[Opening Supplied records section]

Lemma ln_div a b : 0 < a -> 0 < b -> ln (a / b) = ln a - ln b.
Proof.
  intros Ha Hb. unfold Rdiv. rewrite ln_mult, ln_Rinv by (try apply Rinv_0_lt_compat; assumption).
  ring.
Qed.

Lemma Rabs_le_inv a b : Rabs a <= b -> - b <= a <= b.
Proof. unfold Rabs; destruct (Rcase_abs a); lra. Qed.

Lemma Rabs_ln_le r : Rabs (r - 1) <= / 2 -> Rabs (ln r) <= 2 * Rabs (r - 1).
Proof.
  intro H. apply Rabs_le_inv in H.
  assert (Hr : 0 < r) by lra.
  pose proof (ln_le_sub_1 r Hr). pose proof (one_sub_inv_le_ln r Hr).
  assert (Hinv : r * / r = 1) by (field; lra).
  pose proof (Rinv_0_lt_compat _ Hr).
  apply Rabs_le. destruct (Rle_or_lt 1 r).
  - rewrite Rabs_right by lra. nra.
  - rewrite Rabs_left by lra. nra.
Qed.

Lemma Rabs_exp_sub_1_le t K : Rabs t <= K -> Rabs (exp t - 1) <= exp K * Rabs t.
Proof.
  intro H. apply Rabs_le_inv in H.
  pose proof (exp_ineq1_le K). pose proof (exp_ineq1_le t).
  destruct (Rle_or_lt 0 t).
  - pose proof (exp_ineq1_le (- t)) as Hneg. rewrite exp_Ropp in Hneg.
    pose proof (exp_pos t).
    assert (Hinv : exp t * / exp t = 1) by (field; lra).
    pose proof (exp_le_mono _ _ (proj2 H)).
    rewrite (Rabs_right (exp t - 1)), (Rabs_right t) by lra. nra.
  - pose proof (exp_le_mono t 0 ltac:(lra)) as Hle. rewrite exp_0 in Hle.
    rewrite (Rabs_left1 (exp t - 1)), (Rabs_left t) by lra. nra.
Qed.

Lemma ln_sqrt y : 0 < y -> ln (sqrt y) = / 2 * ln y.
Proof. intro Hy. rewrite <- Rpower_sqrt by exact Hy. unfold Rpower. apply ln_exp. Qed.

(* With [x = log 2 / log n], [1 - x/2] is the main term of [psi(2n)/psi(n)] in (II) and
   [sqrt(1 + x) = sqrt(log 2n / log n)]; they cancel up to second order. *)
Lemma Rabs_half_sqrt_sub_1_le x : 0 <= x <= 1 ->
  Rabs ((1 - x / 2) * sqrt (1 + x) - 1) <= x * x.
Proof.
  intro Hx. set (s := sqrt (1 + x)).
  assert (Hs : 0 <= s) by apply sqrt_pos.
  assert (Hss : s * s = 1 + x) by (apply sqrt_sqrt; lra).
  set (u := (1 - x / 2) * s).
  assert (Hu : 0 <= u) by (unfold u; nra).
  assert (Huu : u * u = (1 - x / 2) * (1 - x / 2) * (1 + x)) by (unfold u; nra).
  assert (u <= 1) by nra.
  assert ((1 - x * x) * (1 - x * x) <= u * u).
  { rewrite Huu. assert (0 <= x * x * (5 / 4 + x / 4 - x * x)) by (apply Rmult_le_pos; nra). nra. }
  assert (1 - x * x <= u) by nra.
  apply Rabs_le; lra.
Qed.

Lemma Rabs_ln_mul_sqrt_le r x eta : 0 <= x <= 1 -> 0 < r ->
  Rabs (r - (1 - x / 2)) <= eta -> x * x + 2 * eta <= / 2 ->
  Rabs (ln r + / 2 * ln (1 + x)) <= 2 * (x * x + 2 * eta).
Proof.
  intros Hx Hr Hre Hsmall. set (s := sqrt (1 + x)).
  assert (Hs : 0 < s) by (apply sqrt_lt_R0; lra).
  assert (Hs2 : s <= 2) by (assert (s * s = 1 + x) by (apply sqrt_sqrt; lra); nra).
  assert (Hrs : Rabs (r * s - 1) <= x * x + 2 * eta).
  { replace (r * s - 1) with (((1 - x / 2) * s - 1) + (r - (1 - x / 2)) * s) by ring.
    eapply Rle_trans; [apply Rabs_triang|].
    rewrite Rabs_mult, (Rabs_right s) by lra.
    pose proof (Rabs_half_sqrt_sub_1_le x Hx) as Hhalf. fold s in Hhalf.
    pose proof (Rabs_pos (r - (1 - x / 2))). nra. }
  replace (ln r + / 2 * ln (1 + x)) with (ln (r * s))
    by (rewrite ln_mult by lra; unfold s; rewrite ln_sqrt by lra; reflexivity).
  pose proof (Rabs_ln_le (r * s) ltac:(lra)). lra.
Qed.

Lemma one_sub_Rpower_ge x d : 0 < x <= 1 -> 0 < d <= 1 ->
  d * x / 4 <= 1 - Rpower (1 + x) (- d).
Proof.
  intros Hx Hd. pose proof (ln_le_sub_1 (1 + x) ltac:(lra)).
  pose proof (one_sub_inv_le_ln (1 + x) ltac:(lra)).
  assert (/ (1 + x) <= 1 - x / 2).
  { assert ((1 + x) * / (1 + x) = 1) by (field; lra).
    assert (0 < / (1 + x)) by (apply Rinv_0_lt_compat; lra). nra. }
  unfold Rpower. set (y := d * ln (1 + x)).
  replace (- d * ln (1 + x)) with (- y) by (unfold y; ring).
  assert (d * x / 2 <= y) by (unfold y; nra).
  assert (y <= 1) by (unfold y; nra).
  rewrite exp_Ropp. pose proof (exp_ineq1_le y). pose proof (exp_pos y).
  assert (exp y * / exp y = 1) by (field; lra).
  assert (0 < / exp y) by (apply Rinv_0_lt_compat; lra).
  assert (/ exp y * (1 + y) <= 1) by nra.
  assert (0 <= y) by nra.
  destruct (Rle_or_lt (/ 2) (/ exp y)); nra.
Qed.

Lemma dyadic_cover n m : (1 <= n)%nat -> (n <= m)%nat ->
  exists j, (2 ^ j * n <= m <= 2 * (2 ^ j * n))%nat.
Proof.
  intros Hn Hm.
  assert (Hbelow : forall j, (m <= 2 ^ j * n)%nat ->
            exists i, (2 ^ i * n <= m <= 2 * (2 ^ i * n))%nat).
  { induction j as [|j IH]; intro Hj.
    - exists 0%nat. simpl in *. lia.
    - destruct (Nat.le_gt_cases m (2 ^ j * n)) as [Hle | Hgt].
      + exact (IH Hle).
      + exists j. rewrite Nat.pow_succ_r' in Hj. lia. }
  apply (Hbelow m). pose proof (Nat.pow_gt_lin_r 2 m ltac:(lia)). nia.
Qed.

Lemma dyadic_chain (f e : nat -> R) (M K : R) (N : nat) :
  (1 <= N)%nat -> 0 <= M -> 0 <= K -> (forall n, 0 <= e n) ->
  (forall n, (N <= n)%nat -> e (2 * n)%nat <= e n) ->
  (forall n, (N <= n)%nat -> Rabs (f (2 * n)%nat - f n) <= M * (e n - e (2 * n)%nat)) ->
  (forall n k, (N <= n)%nat -> (n <= k <= 2 * n)%nat -> Rabs (f k - f n) <= K * e n) ->
  forall n m, (N <= n)%nat -> (n <= m)%nat -> Rabs (f m - f n) <= (K + M) * e n.
Proof.
  intros HN HM HK He He_double Hdouble Hblock n m Hn Hm.
  assert (Htele : forall j, Rabs (f (2 ^ j * n)%nat - f n) <= M * (e n - e (2 ^ j * n)%nat)
                            /\ e (2 ^ j * n)%nat <= e n).
  { induction j as [|j [IH1 IH2]].
    - rewrite Nat.pow_0_r, Nat.mul_1_l, Rminus_diag, Rabs_R0. lra.
    - replace (2 ^ S j * n)%nat with (2 * (2 ^ j * n))%nat by (rewrite Nat.pow_succ_r'; lia).
      assert (Hj : (N <= 2 ^ j * n)%nat) by (pose proof (Nat.pow_gt_lin_r 2 j); nia).
      pose proof (Hdouble _ Hj). pose proof (He_double _ Hj).
      split; [|lra].
      replace (f (2 * (2 ^ j * n))%nat - f n)
        with ((f (2 * (2 ^ j * n))%nat - f (2 ^ j * n)%nat) + (f (2 ^ j * n)%nat - f n)) by ring.
      eapply Rle_trans; [apply Rabs_triang|]. lra. }
  destruct (dyadic_cover n m ltac:(lia) Hm) as [j Hj].
  destruct (Htele j) as [Hj1 Hj2].
  assert (HjN : (N <= 2 ^ j * n)%nat) by (pose proof (Nat.pow_gt_lin_r 2 j); nia).
  pose proof (Hblock _ m HjN Hj).
  replace (f m - f n) with ((f m - f (2 ^ j * n)%nat) + (f (2 ^ j * n)%nat - f n)) by ring.
  eapply Rle_trans; [apply Rabs_triang|].
  pose proof (He (2 ^ j * n)%nat). pose proof (He n). nra.
Qed.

[Closing Supplied records section]

> **What the task requires**
Write out a verbatim copy of the data, beginning with its first line and ending with the line that contains "rewrite Huu. assert".

> **Response area**
Lemma ln_div a b : 0 < a -> 0 < b -> ln (a / b) = ln a - ln b.
Proof.
  intros Ha Hb. unfold Rdiv. rewrite ln_mult, ln_Rinv by (try apply Rinv_0_lt_compat; assumption).
  ring.
Qed.

Lemma Rabs_le_inv a b : Rabs a <= b -> - b <= a <= b.
Proof. unfold Rabs; destruct (Rcase_abs a); lra. Qed.

Lemma Rabs_ln_le r : Rabs (r - 1) <= / 2 -> Rabs (ln r) <= 2 * Rabs (r - 1).
Proof.
  intro H. apply Rabs_le_inv in H.
  assert (Hr : 0 < r) by lra.
  pose proof (ln_le_sub_1 r Hr). pose proof (one_sub_inv_le_ln r Hr).
  assert (Hinv : r * / r = 1) by (field; lra).
  pose proof (Rinv_0_lt_compat _ Hr).
  apply Rabs_le. destruct (Rle_or_lt 1 r).
  - rewrite Rabs_right by lra. nra.
  - rewrite Rabs_left by lra. nra.
Qed.

Lemma Rabs_exp_sub_1_le t K : Rabs t <= K -> Rabs (exp t - 1) <= exp K * Rabs t.
Proof.
  intro H. apply Rabs_le_inv in H.
  pose proof (exp_ineq1_le K). pose proof (exp_ineq1_le t).
  destruct (Rle_or_lt 0 t).
  - pose proof (exp_ineq1_le (- t)) as Hneg. rewrite exp_Ropp in Hneg.
    pose proof (exp_pos t).
    assert (Hinv : exp t * / exp t = 1) by (field; lra).
    pose proof (exp_le_mono _ _ (proj2 H)).
    rewrite (Rabs_right (exp t - 1)), (Rabs_right t) by lra. nra.
  - pose proof (exp_le_mono t 0 ltac:(lra)) as Hle. rewrite exp_0 in Hle.
    rewrite (Rabs_left1 (exp t - 1)), (Rabs_left t) by lra. nra.
Qed.

Lemma ln_sqrt y : 0 < y -> ln (sqrt y) = / 2 * ln y.
Proof. intro Hy. rewrite <- Rpower_sqrt by exact Hy. unfold Rpower. apply ln_exp. Qed.

(* With [x = log 2 / log n], [1 - x/2] is the main term of [psi(2n)/psi(n)] in (II) and
   [sqrt(1 + x) = sqrt(log 2n / log n)]; they cancel up to second order. *)
Lemma Rabs_half_sqrt_sub_1_le x : 0 <= x <= 1 ->
  Rabs ((1 - x / 2) * sqrt (1 + x) - 1) <= x * x.
Proof.
  intro Hx. set (s := sqrt (1 + x)).
  assert (Hs : 0 <= s) by apply sqrt_pos.
  assert (Hss : s * s = 1 + x) by (apply sqrt_sqrt; lra).
  set (u := (1 - x / 2) * s).
  assert (Hu : 0 <= u) by (unfold u; nra).
  assert (Huu : u * u = (1 - x / 2) * (1 - x / 2) * (1 + x)) by (unfold u; nra).
  assert (u <= 1) by nra.
  assert ((1 - x * x) * (1 - x * x) <= u * u).
  { rewrite Huu. assert (0 <= x * x * (5 / 4 + x / 4 - x * x)) by (apply Rmult_le_pos; nra). nra. }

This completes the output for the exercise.